KINETIC ANALYSES OF SITE-SPECIFIC MUTANTS OF CARBOXYLESTERASES

羧基酯酶位点特异性突变体的动力学分析

• 批准号: 7381820
• 负责人: MATTHEW K ROSS
• 金额: $ 2.14万
• 依托单位: MISSISSIPPI STATE UNIVERSITY
• 依托单位国家: 美国
• 财政年份: 2006
• 资助国家: 美国
• 起止时间: 2006-07-01 至 2007-06-30
• 项目状态: 已结题
• 来源: https://reporter.nih.gov/project-details/7381820
• 关键词: KINETIC; ANALYSES; SITE; SPECIFIC; MUTANTS

This subproject is one of many research subprojects utilizing the resources provided by a Center grant funded by NIH/NCRR. The subproject and investigator (PI) may have received primary funding from another NIH source, and thus could be represented in other CRISP entries. The institution listed is for the Center, which is not necessarily the institution for the investigator. Carboxylesterases (CEs) are promiscuous metabolizing enzymes that catalyze the hydrolysis of esterified xenobiotics and endobiotics. The pyrethroid insecticides are ester-containing environmental pollutants widely found in the southeastern U.S. due to their extensive use in the agricultural industry. When humans are exposed to pyrethroids, CEs are the primary enzymes in the liver responsible for detoxifying and clearing these chemicals from the body. However, the mechanism by which CEs recognize pyrethroids and catalyze their hydrolysis is not completely characterized. For instance, permethrin is a widely used pyrethroid used as a mixture of cis- and trans-isomers. These isomers are stereoselectively metabolized by CE enzymes, for example the trans-isomer is cleaved markedly faster than the cis-isomer. What accounts for this selectivity? This is one of the primary questions being addressed by this pilot project. Recently, a carboxylesterase found in Bacillus subtilis (termed pnb CE) was shown to possess 81% amino acid sequence identity and a high degree of structural homology with a mammalian CE, rabbit liver carboxylesterase (Wierdl et al., 2004). Importantly, pnb CE did not need to be glycosylated to be enzymatically active and expression of large amounts of this enzyme can be done rapidly and conveniently in E. coli. Thus, sequence variants in pnb CE cDNA can be quickly constructed yielding enzymes with site-specific amino acid modifications at key locations involved in substrate recognition and catalysis. The objective of this pilot project will be to use wild type and pnb CE mutants to study the catalytic mechanism of pyrethroid hydrolysis. The central hypothesis for the research is: Mutant carboxylesterases have altered substrate binding affinities and/or catalytic steps compared with wild type enzyme, and these enzymes will provide insight into the catalytic mechanism of carboxylesterases.
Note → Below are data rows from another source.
(* Let $\gamma\in\mathbb{R}$, $d>0$, and let $I:\mathbb{R}\to\mathbb{R}$ be a continuous $2\pi$-periodic function. Consider the system on the two-torus $(\mathbb{R}/2\pi\mathbb{Z})^2$ $$\dot\phi_1=\gamma-\sin\phi_1+d\,I(\phi_2),\qquad \dot\phi_2=\gamma-\sin\phi_2+d\,I(\phi_1).$$ Its equilibria are of two types: those on the diagonal $\phi_1=\phi_2$ (first type) and those off the diagonal (second type), the latter occurring in symmetric pairs $(a,b)$, $(b,a)$. If the system has an equilibrium of the second type, i.e. an equilibrium $(a,b)$ with $a\neq b$ (mod $2\pi$), then it also has an equilibrium of the first type, i.e. there exists $\xi$ with $\gamma-\sin\xi+d\,I(\xi)=0$. *)

From Stdlib Require Export Reals.
Open Scope R_scope.

Definition field1 (gamma d : R) (I : R -> R) (p1 p2 : R) : R :=
  gamma - sin p1 + d * I p2.

(* (p1,p2) is an equilibrium of the system (angles represented by reals). *)
Definition is_equilibrium (gamma d : R) (I : R -> R) (p1 p2 : R) : Prop :=
  field1 gamma d I p1 p2 = 0 /\ field1 gamma d I p2 p1 = 0.

Definition eq_mod_2pi (a b : R) : Prop := exists k : Z, a - b = 2 * PI * IZR k.

(* Along the diagonal the vector field is g(x) = gamma - sin x + d I(x).  If
   (a, b) is an equilibrium then gamma + d I(b) = sin a and gamma + d I(a) = sin b,
   so g(a) = sin b - sin a = - g(b); by the intermediate value theorem g vanishes
   between a and b, which gives an equilibrium on the diagonal. *)
From Stdlib Require Import Reals Lra.
Open Scope R_scope.

Lemma IVT_opposite_values (f : R -> R) (a b : R) :
  continuity f -> f b = - f a -> exists z, f z = 0.
Proof.
  intros hf hba.
  assert (hprod : f a * f b <= 0).
  { rewrite hba. pose proof (Rle_0_sqr (f a)) as hsq. unfold Rsqr in hsq. lra. }
  destruct (Rle_dec a b) as [hab | hba'].
  - destruct (IVT_cor f a b hf hab hprod) as [z [_ hz]]. now exists z.
  - rewrite Rmult_comm in hprod.
    destruct (IVT_cor f b a hf ltac:(lra) hprod) as [z [_ hz]]. now exists z.
Qed.

Lemma continuity_field1_diag (gamma d : R) (I : R -> R) :
  continuity I -> continuity (fun x => field1 gamma d I x x).
Proof.
  intros hI. unfold field1.
  apply continuity_plus.
  - apply continuity_minus; [apply continuity_const; now intros u v | apply continuity_sin].
  - now apply continuity_scal.
Qed.

Lemma field1_diag_equilibrium (gamma d : R) (I : R -> R) (a b : R) :
  is_equilibrium gamma d I a b -> field1 gamma d I a a = sin b - sin a.
Proof. unfold is_equilibrium, field1. lra. Qed.

Theorem mainTheorem2 (gamma d : R) (I : R -> R)
  (hd : 0 < d) (hI : continuity I) (hper : forall x, I (x + 2 * PI) = I x) :
  (exists a b, is_equilibrium gamma d I a b /\ ~ eq_mod_2pi a b) ->
  exists xi, is_equilibrium gamma d I xi xi.
Proof.
  intros [a [b [heq _]]].
  assert (hsym : is_equilibrium gamma d I b a) by (destruct heq; now split).
  assert (hopp : field1 gamma d I b b = - field1 gamma d I a a).
  { rewrite (field1_diag_equilibrium _ _ _ _ _ heq),
            (field1_diag_equilibrium _ _ _ _ _ hsym). ring. }
  destruct (IVT_opposite_values _ a b (continuity_field1_diag gamma d I hI) hopp)
    as [xi hxi].
  now exists xi; split.
Qed.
该子项目是利用 NIH/NCRR 资助的中心拨款提供的资源的众多研究子项目之一。子项目和研究者 (PI) 可能已从另一个 NIH 来源获得主要资金，因此可以在其他 CRISP 条目中出现。列出的机构是中心的机构，不一定是研究者的机构。羧酸酯酶 (CE) 是一种混杂的代谢酶，可催化酯化的异生素和内生素的水解。拟除虫菊酯杀虫剂是一种含酯的环境污染物，由于在农业中的广泛使用，在美国东南部广泛存在。当人类接触拟除虫菊酯时，CE 是肝脏中负责解毒和清除体内这些化学物质的主要酶。然而，CE 识别拟除虫菊酯并催化其水解的机制尚未完全表征。例如，氯菊酯是一种广泛使用的拟除虫菊酯，用作顺式和反式异构体的混合物。这些异构体通过 CE 酶进行立体选择性代谢，例如反式异构体的裂解速度明显快于顺式异构体。 是什么造成了这种选择性？这是该试点项目要解决的主要问题之一。最近，在枯草芽孢杆菌中发现的一种羧酸酯酶（称为 pnb CE）被证明与哺乳动物 CE、兔肝羧酸酯酶具有 81% 的氨基酸序列同一性和高度的结构同源性（Wierdl 等，2004）。重要的是，pnb CE 不需要糖基化即可具有酶活性，并且可以在大肠杆菌中快速方便地表达大量该酶。因此，可以快速构建 pnb CE cDNA 中的序列变体，产生在参与底物识别和催化的关键位置进行位点特异性氨基酸修饰的酶。该试点项目的目标是利用野生型和 pnb CE 突变体来研究拟除虫菊酯水解的催化机制。该研究的中心假设是：与野生型酶相比，突变型羧酸酯酶改变了底物结合亲和力和/或催化步骤，这些酶将提供对羧酸酯酶催化机制的深入了解。